Table 1.1 List of the packages for quality control and analysis of gene/protein microarray data

1.4.4 cpma

This package performs phenotype analysis. Numeric values from the data are treated as the input.

1.4.5 mlm

This package is useful for fitting multiple linear models together. The argument consists of a formula, which consists of the description of the models, and data, which consists of the variable of the model.

1.4.6 mixOmics

This package describes a multiple variable-based system for the “omics”-based data and its analysis of information examination to the scientist who wants to give a few appealing properties. Mostly, the package is computationally productive to deal with huge informational collections, where the quantity of sample sets is significantly bigger than the quantity of tests. Furthermore, the package performs measurement lessening by anticipating the information into a littler subspace while catching and featuring the biggest feature selection from a variety of information, bringing about great perception of the natural framework under investigation.

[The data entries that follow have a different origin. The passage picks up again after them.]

(* Let $p,q$ be positive integers and let $s_1,\dots,s_p,d_1,\dots,d_q:[0,1]\to[0,1]$ be the truth functions of the hedge connectives of FLn with many hedges; that is, writing $s_0=d_0=\mathrm{id}_{[0,1]}$, they make all hedge axioms tautologies, which means that for all $a,b\in[0,1]$: (1) $a\Rightarrow b\ \le\ h(a)\Rightarrow h(b)$ for every $h\in\{s_1,\dots,s_p,d_1,\dots,d_q\}$; (2) $s_i(a)\le s_{i-1}(a)$ for $i=1,\dots,p$; (3) $s_p(1)=1$; (4) $d_{j-1}(a)\le d_j(a)$ for $j=1,\dots,q$; (5) $d_q(0)=0$. Then for every $h\in\{s_1,\dots,s_p,d_1,\dots,d_q\}$, $h$ is non-decreasing, $h(0)=0$ and $h(1)=1$.
   Context: Truth values form the Łukasiewicz algebra on $[0,1]$ with $a\Rightarrow b=\min(1,1-a+b)$. FLn with many hedges extends the first-order fuzzy logic FLn (with logical constants $\overline{a}$ for every $a\in[0,1]$, implication $\to$, negation $\neg A\equiv A\to\overline{0}$) by unary connectives $s_1,\dots,s_p$ (truth-stressing hedges) and $d_1,\dots,d_q$ (truth-depressing hedges), with $s_0,d_0$ denoting the identity connective, and adds the logical axioms (in degree 1) $(A\to B)\to(hA\to hB)$ for all hedges $h$; $s_iA\to s_{i-1}A$ ($i=1,\dots,p$); $s_p\overline{1}$; $d_{j-1}A\to d_jA$ ($j=1,\dots,q$); $\neg d_q\overline{0}$. Conditions (1)–(5) are exactly the requirement that these axioms take truth value 1 in every structure, where a hedge $h$ is interpreted by its truth function: $\mathcal{D}(hA)=h(\mathcal{D}(A))$. *)

From Stdlib Require Import Reals.
Open Scope R_scope.

Definition in01 (a : R) : Prop := 0 <= a <= 1.

(* Lukasiewicz residuum: a => b = min(1, 1 - a + b). *)
Definition luk_imp (a b : R) : R := Rmin 1 (1 - a + b).

Definition maps01 (h : R -> R) : Prop := forall a, in01 a -> in01 (h a).

Definition hedge_compat (h : R -> R) : Prop :=
  forall a b, in01 a -> in01 b -> luk_imp a b <= luk_imp (h a) (h b).

Definition nondecr01 (h : R -> R) : Prop :=
  forall a b, in01 a -> in01 b -> a <= b -> h a <= h b.

From Stdlib Require Import Reals Lra Lia.
Open Scope R_scope.

(* Each stressing hedge is squeezed between [s_p] and [s_0 = id] (and each
   depressing one between [d_0 = id] and [d_q]), which pins down the values at
   0 and 1; monotonicity follows from condition (1) alone, since
   [a <= b] forces [a => b = 1]. *)

Lemma antitone_step_chain (n : nat) (f : nat -> R) :
  (forall i, (1 <= i <= n)%nat -> f i <= f (i - 1)%nat) ->
  forall i j, (i <= j <= n)%nat -> f j <= f i.
Proof.
  intros Hstep i j Hij.
  induction j as [|j IH].
  - replace i with 0%nat by lia. lra.
  - destruct (Nat.eq_dec i (S j)) as [-> | Hne]; [lra |].
    assert (Hlast := Hstep (S j) ltac:(lia)).
    replace (S j - 1)%nat with j in Hlast by lia.
    assert (IH' := IH ltac:(lia)). lra.
Qed.

Lemma monotone_step_chain (n : nat) (f : nat -> R) :
  (forall i, (1 <= i <= n)%nat -> f (i - 1)%nat <= f i) ->
  forall i j, (i <= j <= n)%nat -> f i <= f j.
Proof.
  intros Hstep i j Hij.
  assert (H := antitone_step_chain n (fun k => - f k)
                 ltac:(intros k Hk; specialize (Hstep k Hk); lra) i j Hij).
  simpl in H. lra.
Qed.

Lemma hedge_compat_nondecr01 (h : R -> R) : hedge_compat h -> nondecr01 h.
Proof.
  intros Hh a b Ha Hb Hab.
  specialize (Hh a b Ha Hb).
  unfold luk_imp, Rmin in Hh.
  destruct (Rle_dec 1 (1 - a + b)); destruct (Rle_dec 1 (1 - h a + h b)); lra.
Qed.

Lemma in01_0 : in01 0.
Proof. unfold in01; lra. Qed.

Lemma in01_1 : in01 1.
Proof. unfold in01; lra. Qed.

Theorem mainTheorem1 (p q : nat) (s d : nat -> R -> R) :
  (1 <= p)%nat -> (1 <= q)%nat ->
  (forall a, s 0%nat a = a) -> (forall a, d 0%nat a = a) ->
  (forall i, (1 <= i <= p)%nat -> maps01 (s i)) ->
  (forall j, (1 <= j <= q)%nat -> maps01 (d j)) ->
  (* (1) *)
  (forall i, (1 <= i <= p)%nat -> hedge_compat (s i)) ->
  (forall j, (1 <= j <= q)%nat -> hedge_compat (d j)) ->
  (* (2) *)
  (forall i a, (1 <= i <= p)%nat -> in01 a -> s i a <= s (i - 1)%nat a) ->
  (* (3) *)
  s p 1 = 1 ->
  (* (4) *)
  (forall j a, (1 <= j <= q)%nat -> in01 a -> d (j - 1)%nat a <= d j a) ->
  (* (5) *)
  d q 0 = 0 ->
  (forall i, (1 <= i <= p)%nat -> nondecr01 (s i) /\ s i 0 = 0 /\ s i 1 = 1) /\
  (forall j, (1 <= j <= q)%nat -> nondecr01 (d j) /\ d j 0 = 0 /\ d j 1 = 1).
Proof.
  intros Hp Hq s0_id d0_id s_01 d_01 s_compat d_compat s_step sp1 d_step dq0.
  split.
  - intros i Hi.
    destruct (s_01 i Hi 0 in01_0) as [s0_ge _].
    destruct (s_01 i Hi 1 in01_1) as [_ s1_le].
    assert (s0_le := antitone_step_chain p (fun k => s k 0)
                       (fun k Hk => s_step k 0 Hk in01_0) 0 i ltac:(lia)).
    assert (s1_ge := antitone_step_chain p (fun k => s k 1)
                       (fun k Hk => s_step k 1 Hk in01_1) i p ltac:(lia)).
    simpl in s0_le, s1_ge. rewrite s0_id in s0_le.
    repeat split; [apply hedge_compat_nondecr01, s_compat, Hi | lra | lra].
  - intros j Hj.
    destruct (d_01 j Hj 0 in01_0) as [d0_ge _].
    destruct (d_01 j Hj 1 in01_1) as [_ d1_le].
    assert (d0_le := monotone_step_chain q (fun k => d k 0)
                       (fun k Hk => d_step k 0 Hk in01_0) j q ltac:(lia)).
    assert (d1_ge := monotone_step_chain q (fun k => d k 1)
                       (fun k Hk => d_step k 1 Hk in01_1) 0 j ltac:(lia)).
    simpl in d0_le, d1_ge. rewrite d0_id in d1_ge.
    repeat split; [apply hedge_compat_nondecr01, d_compat, Hj | lra | lra].
Qed.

Finally, the information appropriation makes it profoundly adaptable to answer topical inquiries over various science-related fields (Rohart et al. 2017). mixOmics multivariate strategies have been effectively connected to factually coordinate informational collections created from contrast sciences ranging from the field of “omics” comprising of transcriptomics, proteomics, and metabolomics.

1.4.7 integrOmics

integrOmics productively performs integrative investigations of two kinds of “omics” factors that are estimated on similar examples. It incorporates a regularized form of standard connection investigation to illuminate relationships between two datasets and a scanty rendition of incomplete slightest squares (PLS) relapse that incorporates synchronous variable choice in both datasets. The helpfulness of the two methodologies has been shown already and effectively connected in different integrative examinations (Lê Cao et al. 2009).

1.4.8 supraHex

supraHex is an R package for preprocessing, normalizing, and imagining omics information. This console package devises a supra-hexagonal manual to process the information, and it gives a versatile functionality for after-dissection of the guide and, all the more imperatively, takes into consideration overlaying extra information for multilayer omics information examinations. The application of supraHex was exhibited through its ability to apply DNA replication timing data, and it performs the same level of grouping and provides a real-time picture of the natural process. The scientist also observed that CpG overlaying to the replication map resulted in demonstrating the ability of supraHex to establish connections between CpG thickness and late replication data. Being part of the Bioconductor venture, supraHex is useful in making available to a wide network basically what might somehow or another be an unpredictable structure for the ultrafast comprehension of any forbidden omics information, both deductively and aesthetically (Fang and Gough 2014).

1.4.9 OmicCircos

OmicCircos is an R programming bundle used to create great roundabout plots for envisioning genomic varieties, including change designs, duplicate number varieties (CNVs), articulation examples, and also methylation designs. This method can be used to generate scatterplots for the abovementioned examples. Using the factual and realistic capacities in an R/Bioconductor condition, OmicCircos performs measurable examinations and presentations that come about utilizing bunch, boxplot, histogram, and heatmap groups. Moreover, OmicCircos offers various one of a kind capacity, including free track drawing for simple adjustment and combination, zoom capacities, connect polygons, and position-autonomous heatmaps supporting small representation (Hu et al. 2014).